In this case, Yang asked the district court to appoint substitute counsel at the first
omnibus hearing, which was the day that he met his appointed public defender. His
appointed counsel raised the issue with the district court by stating that Yang wished to
speak to the court concerning his representation. Yang quickly described a conversation
with his appointed counsel in which they had a disagreement concerning whether he was a
member of a gang. The district court interrupted Yang and encouraged him to refrain from
disclosing his confidential conversations with counsel. When Yang persisted, the district
court stated that the request was denied. Thereafter, Yang appeared at two subsequent pre-
trial hearings and at trial without ever renewing his request for substitution of counsel.

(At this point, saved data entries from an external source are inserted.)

(* Let $U=[a_1,b_1]\cup\dots\cup[a_k,b_k]\subseteq\mathbb{R}$ with $a_1\le b_1<a_2\le b_2<\dots<a_k\le b_k$, and let $S=\{x-a_1,\ (x-a_2)(x-b_1),\ \dots,\ (x-a_k)(x-b_{k-1}),\ b_k-x\}\subseteq\mathbb{R}[x]$. Then in $\mathbb{R}[x]$ the preordering generated by $S$ equals the quadratic module generated by $S$, i.e. $T_S=M_S$. Consequently the same equality $T_S=M_S$ holds for the preordering and quadratic module generated by $S$ in $\mathbb{R}[x,y]$.
   Context: For a finite set $S=\{s_1,\dots,s_m\}$ in a polynomial ring $A$ (here $A=\mathbb{R}[x]$ or $\mathbb{R}[x,y]$), the quadratic module $M_S$ generated by $S$ is the set of all $\sigma_0+\sigma_1s_1+\dots+\sigma_ms_m$ with each $\sigma_i$ a sum of squares of elements of $A$; the preordering $T_S$ generated by $S$ is the set of all $\sum_{e\in\{0,1\}^m}\sigma_e s_1^{e_1}\cdots s_m^{e_m}$ with each $\sigma_e$ a sum of squares in $A$. The set $S$ above is called the natural choice of generators for $U$. *)

From HB Require Import structures.
From mathcomp Require Import all_boot all_order all_algebra.
From mathcomp Require Import reals.
Set Implicit Arguments. Unset Strict Implicit. Unset Printing Implicit Defensive.
Import Order.TTheory GRing.Theory Num.Theory.
Local Open Scope ring_scope.

Definition sos (A : comRingType) (p : A) : Prop :=
  exists l : seq A, p = \sum_(q <- l) q ^+ 2.

Definition qmodule (A : comRingType) (S : seq A) (p : A) : Prop :=
  exists (s0 : A) (sig : 'I_(size S) -> A),
    sos s0 /\ (forall i, sos (sig i)) /\
    p = s0 + \sum_(i < size S) sig i * S`_i.

(* preordering T_S generated by S: sum over e in {0,1}^m of sigma_e * prod s_i^{e_i} *)
Definition preordering (A : comRingType) (S : seq A) (p : A) : Prop :=
  exists sig : {set 'I_(size S)} -> A,
    (forall e, sos (sig e)) /\
    p = \sum_(e : {set 'I_(size S)}) sig e * \prod_(i in e) S`_i.

(* natural generators for U = [a 0, b 0] ∪ ... ∪ [a k, b k] (k+1 intervals):
   x - a_0, (x - a_{i+1})(x - b_i) for i < k, b_k - x *)
Definition natgens (R : realType) (k : nat) (a b : nat -> R) : seq {poly R} :=
  ('X - (a 0%N)%:P) ::
    rcons [seq ('X - (a i.+1)%:P) * ('X - (b i)%:P) | i <- iota 0 k]
          ((b k)%:P - 'X).

(* T_S = M_S holds as soon as every product s_i s_j of two distinct generators lies in
   M_S: inside a product of generators, s_i s_j = σ_0 + Σ_l σ_l s_l replaces two factors
   by at most one, or by a square.  This criterion survives the ring embedding
   R[x] -> R[x, y].  For the natural generators, with l = x - a_1, r = b_k - x and the gap
   quadratics q_i = (x - a_(i+1))(x - b_i), the products l r, l q_i, r q_i and q_i q_j are
   written in M_S through Bezout identities u E + q (k (c - u)^(2n+1)) = 1 whose cofactors
   are either nonnegative on R, hence sums of squares, or nonnegative on [a_1, b_k], hence
   in the preordering of {l, r}; l r q_i then reduces to r q_i and l q_i since l + r is a
   positive constant. *)

From HB Require Import structures.
From mathcomp Require Import all_boot all_order all_algebra.
From mathcomp Require Import reals.
From mathcomp Require Import zify ring lra.
From mathcomp Require Import polyrcf boolp.
From mathcomp Require classical_sets topology normedtype derive.
Import Order.TTheory GRing.Theory Num.Theory.
Local Open Scope ring_scope.
Set Implicit Arguments. Unset Strict Implicit. Unset Printing Implicit Defensive.

Section QuadraticModule.
Variable A : comRingType.
Implicit Types (p q s : A) (S : seq A).

Lemma sos0 : sos (0 : A). Proof. by exists [::]; rewrite big_nil. Qed.

Lemma sos_sqr p : sos (p ^+ 2). Proof. by exists [:: p]; rewrite big_seq1. Qed.

Lemma sos1 : sos (1 : A). Proof. by rewrite -(expr1n _ 2); apply: sos_sqr. Qed.

Lemma sosD p q : sos p -> sos q -> sos (p + q).
Proof. by move=> [l1 ->] [l2 ->]; exists (l1 ++ l2); rewrite big_cat. Qed.

Lemma sosM p q : sos p -> sos q -> sos (p * q).
Proof.
move=> [l1 ->] [l2 ->]; exists [seq x * y | x <- l1, y <- l2].
rewrite big_allpairs_dep /= mulr_suml; apply: eq_bigr => x _.
by rewrite mulr_sumr; apply: eq_bigr => y _; rewrite exprMn.
Qed.

Lemma sos_sqrM p q : sos p -> sos (q ^+ 2 * p).
Proof. exact/sosM/sos_sqr. Qed.

Lemma qmoduleD S p q : qmodule S p -> qmodule S q -> qmodule S (p + q).
Proof.
move=> [s0 [sg [h0 [hs ->]]]] [t0 [tg [k0 [kt ->]]]].
exists (s0 + t0), (fun i => sg i + tg i); split; first exact: sosD.
split; first by move=> i; apply: sosD.
rewrite -!addrA; congr (_ + _); rewrite addrCA; congr (_ + _).
by rewrite -big_split /=; apply: eq_bigr => i _; rewrite mulrDl.
Qed.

The thrust of Yang’s argument is that the district court erred by not making a full
inquiry into his reasons for making the request for a different public defender. He does not
argue that he demonstrated exceptional circumstances. Rather, he asserts that, after a
proper inquiry, which might have elicited more information, the district court “might have
determined” that exceptional circumstances exist. He requests relief in the form of a
remand to the district court for a hearing at which he could “make a full record about his
concerns with trial counsel.”
We do not agree with Yang that the district court did not conduct a proper inquiry.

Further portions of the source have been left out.